Lebanon is being held in economic and political limbo by Israel’s open-ended offensive in the south, which has killed more than 3,500 people since March and is characterised by strategic objectives that offer no clear end in sight.
Political leaders in Tel Aviv are justifying the operation on the grounds of eliminating Hezbollah – a far‑fetched goal against a dispersed guerrilla organisation, as with Hamas in Gaza – while ignoring overtures from Lebanon’s leadership for a ceasefire.
The recently formed Lebanese government, meanwhile, continues to look impotent: unable to secure its territory from Israeli incursions or Hezbollah activity, and unable to deliver on promises of stability, reform, IMF funding and reconstruction.
Echoes of the past
The overarching shape of Israel’s military campaign is ominously familiar, echoing the 1978, 1982, 1985 and 2006 Israeli invasions of southern Lebanon – all entailing creeping encroachment without strategic resolution.
Since fighting resumed on 2 March 2026, Israeli forces have gradually pushed north, crossing north of the Litani for the first time since the 2006 Lebanon war and seizing Beaufort Castle above Nabatieh on 31 May.
Israeli Prime Minister Benjamin Netanyahu has framed the goal as establishing a “security zone” – the same term and concept Israel used to justify the occupation of a roughly 800-square-kilometre belt of southern Lebanon from 1985 to 2000.

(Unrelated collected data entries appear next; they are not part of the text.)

Lemma overflow_level_shift_good_safe b N K R m0 C C' l s G :
  (N < 2 ^ K)%N -> (K <= R)%N -> (R + 3 <= b)%N ->
  valid_config b m0 N C' -> add_sig C C' l s ->
  A_tot m0 N C G < 2%:Z ^+ b -> 2%:Z ^+ b <= A_lvl C' l G ->
  2%:Z ^+ K <= A_tot m0 N C' (R%:Z - (trunc_log 2 (SS C' l))%:Z - l) < 2%:Z ^+ b.
Proof.
move=> N_lt K_le b_ge C'_valid C_add A_lt A'_l_ge.
have l_lev : in_levels m0 N l by apply: (valid_level C'_valid); rewrite C_add.1.
have SS'_gt0 : (0 < SS C' l)%N.
  by rewrite lt0n (valid_SS_eq0 C'_valid) C_add.1.
have /andP [t_le t_lt] := trunc_log_bounds (isT : (1 < 2)%N) SS'_gt0.
set Gd := R%:Z - _ - l.
have W_ge : pow2 R <= W_lvl C' l Gd := W_lvl_ge R%:Z t_le.
have W_lt : W_lvl C' l Gd < pow2 (R%:Z + 1) := W_lvl_lt R%:Z t_lt.
(* M(G) <= A(G) - 1 <= W'_l(G): the old levels weigh no more than the overflowing one. *)
have M'_le : M_tot m0 N C' G <= 2 * W_lvl C' l G.
  have := M_tot_add_sig_le G C'_valid C_add; have := M_le_A_tot m0 N C G.
  have := A_lvl_le_W C' l G; rewrite ltz_pow2 lez_pow2 in A_lt A'_l_ge; lra.
have M'_Gd : M_tot m0 N C' Gd <= 2 * W_lvl C' l Gd.
  rewrite -(subrK G Gd) addrC M_tot_shift W_lvl_shift mulrA.
  by rewrite ler_wpM2r // ltW ?pow2_gt0.
have A'_l_le := A_lvl_le_tot C' Gd l_lev.
have W_le_A := W_le_A_lvl C' l Gd; have A_le_M := A_tot_le_M m0 N C' Gd.
have N_le := ltr_nat_pow2 N_lt.
have K_R : pow2 K <= pow2 R by rewrite ler_pow2 // lez_nat.
have R_b : 4 * pow2 (R%:Z + 1) <= pow2 b.
  by rewrite (_ : 4 = pow2 2) // -pow2D ler_pow2 //; lia.
have R1 : pow2 (R%:Z + 1) = 2 * pow2 R by rewrite pow2S.
rewrite lez_pow2 ltz_pow2 -(ler_int rat) in A'_l_le *; apply/andP; split; lra.
Qed.

Lemma overflow_total_shift_good_safe b N K R Delta m0 C C' l s G :
  (N < 2 ^ K)%N -> (2 <= Delta)%N -> (K + Delta <= R)%N -> (R + 3 <= b)%N ->
  valid_config b m0 N C' -> add_sig C C' l s ->
  A_tot m0 N C G < 2%:Z ^+ b -> A_lvl C' l G < 2%:Z ^+ b ->
  2%:Z ^+ b <= A_tot m0 N C' G ->
  2%:Z ^+ K <= A_tot m0 N C' (G - Delta%:Z) < 2%:Z ^+ b.
Proof.
move=> N_lt Delta_ge R_ge b_ge C'_valid C_add A_lt A'_l_lt A'_ge.
have N_le := ltr_nat_pow2 N_lt.
have M'_le : M_tot m0 N C' G <= 2 * pow2 b.
  have := M_tot_add_sig_le G C'_valid C_add; have := M_le_A_tot m0 N C G.
  have := W_le_A_lvl C' l G; rewrite !ltz_pow2 in A_lt A'_l_lt; lra.
have M'_ge : pow2 b - pow2 K <= M_tot m0 N C' G.
  by have := A_tot_le_M m0 N C' G; rewrite lez_pow2 in A'_ge; lra.
have scale x y : x <= y -> x * pow2 (- Delta%:Z) <= y * pow2 (- Delta%:Z).
  by move=> /ler_wpM2r; apply; rewrite ltW ?pow2_gt0.
have b_Delta : pow2 b * pow2 (- Delta%:Z) = pow2 (b%:Z - Delta%:Z) by rewrite -pow2D.
have K_Delta : pow2 K * pow2 (- Delta%:Z) <= pow2 K by rewrite -pow2D ler_pow2 //; lia.
have K_b : 2 * pow2 K <= pow2 (b%:Z - Delta%:Z) by rewrite -pow2S ler_pow2 //; lia.
have Delta_b : 4 * pow2 (b%:Z - Delta%:Z) <= pow2 b.
  by rewrite (_ : 4 = pow2 2) // -pow2D ler_pow2 //; lia.
have K_b' : 2 * pow2 K <= pow2 b by rewrite -pow2S ler_pow2 //; lia.
move: M'_le M'_ge => /scale M'_le /scale M'_ge.
rewrite mulrBl -mulrA b_Delta -M_tot_shift in M'_le M'_ge.
have M_le_A := M_le_A_tot m0 N C' (G - Delta%:Z).
have A_le_M := A_tot_le_M m0 N C' (G - Delta%:Z).
rewrite lez_pow2 ltz_pow2; apply/andP; split; lra.
Qed.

That occupation was a debacle for Israel’s military and ended in unilateral withdrawal.
Israeli analysts are already drawing the modern parallels as the cost of holding ground in southern Lebanon rises, driven by Hezbollah’s deployment of cheap fibre‑optic first‑person‑view (FPV) drones that inflict a steady drip of Israeli casualties and losses.

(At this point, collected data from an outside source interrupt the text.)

(* Let $\mathbf{A}_C\in\{0,1\}^{U\times N}$, $\mathcal{E}=\{(i,j): [\mathbf{A}_C]_{ij}=1\}$, $\mathbf{B}=\mathbf{A}_C^T\mathbf{A}_C$, and let $\mathbf{u}$ be a unit-norm eigenvector of $\mathbf{B}$ with nonnegative entries associated with $\lambda_{\max}(\mathbf{B})$. For $\mathcal{E}_{\mathcal{R}}\subseteq\mathcal{E}$ define $$f(\mathcal{E}_{\mathcal{R}})=2\sum_{(i,j)\in\mathcal{E}_{\mathcal{R}}}\mathbf{u}^T\mathbf{A}_C^T\mathbf{e}^U_i[\mathbf{u}]_j-\sum_{i=1}^{U}\ \sum_{j:(i,j)\in\mathcal{E}_{\mathcal{R}}}\ \sum_{s:(i,s)\in\mathcal{E}_{\mathcal{R}}}[\mathbf{u}]_j[\mathbf{u}]_s .$$ Then $f$ is a monotonic increasing set function: for all $\mathcal{E}_{\mathcal{R}1}\subseteq\mathcal{E}_{\mathcal{R}2}\subseteq\mathcal{E}$, $f(\mathcal{E}_{\mathcal{R}2})\ge f(\mathcal{E}_{\mathcal{R}1})$.
   Context: $\mathbf{A}_C$ is the adjacency matrix of a bipartite user–host access graph with $U$ users and $N$ hosts; $\mathcal{E}$ is its edge set. $\mathbf{e}^U_i$ is the $U\times1$ canonical basis vector with $1$ in position $i$; $[\mathbf{u}]_j$ is the $j$-th entry of $\mathbf{u}$. *)

From mathcomp Require Import all_boot all_order all_algebra.
Set Implicit Arguments. Unset Strict Implicit. Unset Printing Implicit Defensive.
Import Order.TTheory GRing.Theory Num.Theory.
Local Open Scope ring_scope.

Section Defs.
Variables (R : realFieldType) (U N : nat).

Definition is01 (A : 'M[R]_(U, N)) : Prop := forall i j, A i j = 0 \/ A i j = 1.

Definition edges (A : 'M[R]_(U, N)) : {set 'I_U * 'I_N} :=
  [set ij | A ij.1 ij.2 == 1].

Definition ebasis (i : 'I_U) : 'cV[R]_U := delta_mx i 0.

Definition is_eigenvalue n (M : 'M[R]_n) (mu : R) : Prop :=
  exists v : 'cV[R]_n, v != 0 /\ M *m v = mu *: v.

Definition is_lambda_max n (M : 'M[R]_n) (lam : R) : Prop :=
  is_eigenvalue M lam /\ forall mu, is_eigenvalue M mu -> mu <= lam.

Definition fset_fun (A : 'M[R]_(U, N)) (u : 'cV[R]_N)
    (ER : {set 'I_U * 'I_N}) : R :=
  2 * (\sum_(ij in ER) ((u^T *m A^T *m ebasis ij.1) 0 0 * u ij.2 0))
  - \sum_(i < U) \sum_(j < N | (i, j) \in ER) \sum_(s < N | (i, s) \in ER)
        u j 0 * u s 0.
End Defs.

From mathcomp Require Import all_boot all_order all_algebra.
From mathcomp Require Import ring.
Import Order.TTheory GRing.Theory Num.Theory.
Local Open Scope ring_scope.

(* Grouping the edges by user, f(E_R) = \sum_i (2 w_i S_i - S_i^2) with
   w_i = [A u]_i and S_i the u-mass of the hosts that i reaches in E_R.
   Each summand is a concave parabola in S_i, nondecreasing up to its vertex
   w_i; enlarging E_R within E increases S_i without ever exceeding w_i,
   because u >= 0 and A is a {0,1}-matrix. *)

Lemma le_quad_vertex (R : realDomainType) (w a b : R) :
  a <= b -> b <= w -> 2 * w * a - a ^+ 2 <= 2 * w * b - b ^+ 2.
Proof.
move=> le_ab le_bw; rewrite -subr_ge0.
have -> : 2 * w * b - b ^+ 2 - (2 * w * a - a ^+ 2)
  = (b - a) * ((w - a) + (w - b)) by ring.
apply: mulr_ge0; first by rewrite subr_ge0.
by rewrite addr_ge0 // subr_ge0 // (le_trans le_ab).
Qed.

Section RowMass.
Variables (R : realFieldType) (U N : nat).
Implicit Types (A : 'M[R]_(U, N)) (u : 'cV[R]_N) (ER : {set 'I_U * 'I_N}).

Definition row_mass ER u (i : 'I_U) : R := \sum_(j < N | (i, j) \in ER) u j 0.

Lemma ebasis_quadE A u i : (u^T *m A^T *m ebasis R i) 0 0 = (A *m u) i 0.
Proof.
rewrite /ebasis !mxE (bigD1 i) //= big1 => [|k /negbTE nki]; last first.
  by rewrite !mxE nki mulr0.
rewrite !mxE eqxx mulr1 addr0; apply: eq_bigr => k _.
by rewrite !mxE mulrC.
Qed.

Lemma fset_funE A u ER :
  fset_fun A u ER =
    \sum_(i < U) (2 * (A *m u) i 0 * row_mass ER u i - row_mass ER u i ^+ 2).
Proof.
rewrite /fset_fun sumrB; congr (_ - _); last first.
  apply: eq_bigr => i _; rewrite expr2 big_distrl /=.
  by apply: eq_bigr => j _; rewrite big_distrr.
rewrite (eq_big (fun p => xpredT p.1 && ((p.1, p.2) \in ER))
                (fun p => (A *m u) p.1 0 * u p.2 0)); last 2 first.
- by case.
- by move=> ij _; rewrite ebasis_quadE.
rewrite -(pair_big_dep xpredT (fun i j => (i, j) \in ER)
            (fun i j => (A *m u) i 0 * u j 0)) mulr_sumr.
by apply: eq_bigr => i _; rewrite -mulrA -big_distrr.
Qed.

Lemma row_mass_subset u ER1 ER2 i :
  (forall j, 0 <= u j 0) -> ER1 \subset ER2 ->
  row_mass ER1 u i <= row_mass ER2 u i.
Proof.
move=> u_ge0 sub12; rewrite /row_mass [leLHS]big_mkcond [leRHS]big_mkcond /=.
apply: ler_sum => j _; case: ifP => [/(subsetP sub12) -> // | _].
by case: ifP.
Qed.

Lemma row_mass_le_edges A u ER i :
  is01 A -> (forall j, 0 <= u j 0) -> ER \subset edges A ->
  row_mass ER u i <= (A *m u) i 0.
Proof.
move=> A01 u_ge0 subE; rewrite /row_mass mxE big_mkcond /=.
apply: ler_sum => j _; case: ifP => [/(subsetP subE) | _].
  by rewrite inE => /eqP ->; rewrite mul1r.
by case: (A01 i j) => ->; rewrite ?mul0r ?mul1r.
Qed.

End RowMass.

Theorem lemma3 (R : realFieldType) (U N : nat) (A : 'M[R]_(U, N))
  (u : 'cV[R]_N) (lam : R) :
  is01 A ->
  (u^T *m u) 0 0 = 1 ->
  (forall j, 0 <= u j 0) ->
  is_lambda_max (A^T *m A) lam ->
  (A^T *m A) *m u = lam *: u ->
  forall ER1 ER2 : {set 'I_U * 'I_N},
    ER1 \subset ER2 -> ER2 \subset edges A ->
    fset_fun A u ER1 <= fset_fun A u ER2.
Proof.
move=> A01 _ u_ge0 _ _ ER1 ER2 sub12 sub2E.
rewrite !fset_funE; apply: ler_sum => i _; apply: le_quad_vertex.
  exact: row_mass_subset.
exact: row_mass_le_edges.
Qed.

As with Russia in Ukraine, Tel Aviv is being tactically embarrassed by the advent of these fibre‑optic drones, which are immune to jamming and – of particular concern to Israeli forces – are too small to be reliably detected and intercepted by conventional counter‑drone systems.
This leap in Hezbollah’s operational threat – based on cheap technology that can be locally assembled – has sharply raised the price of maintaining a military presence in the country.
In an attempt to exact a retaliatory price, Israel’s air strikes rose by 110% between 19-22 May and 23-26 May as Hezbollah’s drone successes accumulated, according to conflict monitor Acled. But the underlying tactical dilemma remains.
Israeli politicians, irate at the situation, have demanded escalation and intensified strikes on civilian areas, including in Beirut – only to face US pushback.
Tehran as the lever
Planned strikes on Beirut, including on 3 June, have been held off in recent weeks under pressure from Washington after Tehran made Lebanon a bargaining chip in its wider negotiations with the US, repeatedly suspending talks following Israeli escalation in the Levant country.
Tehran has also gone further than walkouts, warning it could respond directly if Israel strikes Beirut – adding an explicit threat of retaliation to diplomatic pressure.
With a Gulf ceasefire and the reopening of the Strait of Hormuz both riding on the outcome, Washington is strongly motivated to keep Israel from striking Beirut.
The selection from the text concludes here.